The Unicorns Mauritius gets a stamp of approval

As double crosses accumulate and desperate characters wrangle amusingly for priceless postage stamps, Mauritius might surprise you.
Now enjoying a crisp and intelligent production at the Unicorn, Mauritius aims at nothing more than telling a good, old-fashioned story. Playwright Theresa Rebeck and director Cynthia Levin ace the story’s fundamentals — compelling characters, marvelous pacing, dialogue that sounds like the best of what real people might actually say — so that a show just aspiring to be good feels touched with something almost great. Here’s a low-key crime story brushed with real feeling, a noirish tangle of double crosses and stamp theft. Walking out afterward, even this high-minded crowd bubbled with the pleasure of this twisty genre exercise. We hadn’t been challenged or had our consciousness raised, as we expect at the Unicorn. Instead, for once, all that was subordinate to the tale.
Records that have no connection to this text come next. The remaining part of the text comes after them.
Lemma sem_wcons m a (S : set (Ainf A)) : measurable S -> sem m (wcons a @` S) = sem (tau a m) S.
Proof.
move=> mS; change (wcons_measure (sem m) a S = sem (tau a m) S).
apply: measure_unique_S_inf => //.
  rewrite (le_lt_trans _ (subprobability_setT_fin (sem m))) //.
  by apply: le_measure; rewrite ?inE //; exact: measurable_image_wcons.
move=> U hU; change (sem m (wcons a @` U) = sem (tau a m) U).
case: hU => [[->|[w _ <-]]|[w _ <-]].
- by rewrite image_set0 !measure0.
- by rewrite image_wcons_set1 !sem_fin.
- by rewrite image_wcons_cyl !sem_cyl.
Qed.

Lemma measurable_sem : measurable_fun [set: giry X R] sem.
Proof.
apply: measurable_giry_codensity => // B mB.
pose H := [set B : set (Ainf A) | measurable B /\
  measurable_fun [set: giry X R] (fun m => sem m B)].
suff: <<s @S_inf A >> `<=` H by move=> /(_ B mB) [].
apply: (@lambda_system_subset _ _ (@setI_closed_S_inf A) setT H) => //.
- apply/dynkin_lambda_system; split.
  + by split => //; under eq_fun do rewrite sem_setT; exact: measurable_beta1.
  + move=> U [mU semU]; split; first exact: measurableC.
    have -> : (fun m => sem m (~` U)) = (fun m => sem m [set: Ainf A] - sem m U).
      apply/funext => m; rewrite -setTD measureD ?setTI //.
      exact: subprobability_setT_fin.
    apply: emeasurable_funB => //.
    by under eq_fun do rewrite sem_setT; exact: measurable_beta1.
  + move=> F tF HF; split.
      by apply: bigcupT_measurable => k; exact: (HF k).1.
    have -> : (fun m => sem m (\bigcup_k F k)) =
        (fun m => \sum_(0 <= k <oo) sem m (F k)).
      apply/funext => m; rewrite measure_bigcup //; last by move=> k _; exact: (HF k).1.
      by apply: eq_eseriesl => k; rewrite in_setT.
    apply: ge0_emeasurable_sum => k; first by move=> x _ _; exact: measure_ge0.
    by move=> _; exact: (HF k).2.
- move=> U [[->|[w _ <-]]|[w _ <-]]; split.
  + exact: measurable0.
  + by under eq_fun do rewrite measure0; exact: measurable_cst.
  + exact: measurable_set1_WFin.
  + under eq_fun do rewrite sem_fin.
    exact: measurableT_comp measurable_betaS (measurable_tau_word w).
  + exact: measurable_cyl.
  + under eq_fun do rewrite sem_cyl.
    exact: measurableT_comp measurable_beta1 (measurable_tau_word w).
Qed.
At first, Mauritius seems thin. Opening scenes reveal that some stamps have fallen into the hands of Jackie (Cinnamon Schulz), a down-on-her-luck woman wearing the kind of studiously ripped jeans that costume designers assume still indicate youthful disaffection. Jackie assumes that the collection is good for a couple of thousand bucks, but Dennis (Darren Kennedy), a charming lout who hangs out at the stamp store, realizes it’s worth millions. He brings in Sterling (Jim Korinke), a crime boss with philatelic passions. Together, they hope to buy the stamps from Jackie at a fraction of their worth. Complications ensue, and soon all these characters (and a couple of others) are teaming and re-teaming to claim the collection.
So far, this is standard stuff. At crucial moments, though, Rebeck places less emphasis on the stamps than she does on the people. Family conflicts deepen the impasses. The collection had come to Jackie as a gift from her just-passed mother, whom Jackie tended to the end. However, Jackie’s half-sister Mary (Jennifer Aguilar) also claims it as her inheritance from the grandfather who did the actual collecting — a grandfather Jackie didn’t know. Half-siblings who less than half know each other, Jackie and Mary pick at each other, with Jackie mostly letting Mary, the “real” family member, make the decisions — including one to leave Jackie alone to pay off the mother’s debts.
In their scenes together, both actresses are superb. Schulz here is raw and jittery, communicating with every scowl (and the smiles she often tries to fight off) that Jackie’s been scraped of all hope. Now Jackie is angry, uncertain, devious and a little cocky. Schulz does especially strong work with her reedy, pinched-up voice: On opening night, in a gutsy monologue, so much fluid had balled up in her throat that she had to drop an octave. At this point, light entertainment becomes something more true and involving.
Aguilar is so effective as one of the villains that the woman sitting beside me kept hissing that the character needed to be decked. Prim, entitled and manipulative, Mary feels true to life even when Rebeck’s script pushes her into darker territory than we expect.
Korinke is also impressive (and great fun) as he sharks about in a wicked black suit and spouts tough-guy talk that, through no real fault of his, sometimes jarred me out of the play. Less impressive is Kennedy, whose clean-cut schemer is so dashing and toothsome that a long early scene, where he pumps Jackie and Mary for information, doesn’t cut like it should.
In the second act, when the characters are in over their heads, Levin works cast and crowd through Rebeck’s reversals with a fierce authority. She times each burst of emotion or violence just right, and pleased ahas from the audience indicate that people are working out the various mysteries when they are meant to. By the climax, we hang happily on the question of what should be done with these stamps — not a question we’re likely to return to, once we’re out of the theater and back in the world, but one to make us relish the time we’re inside the theater.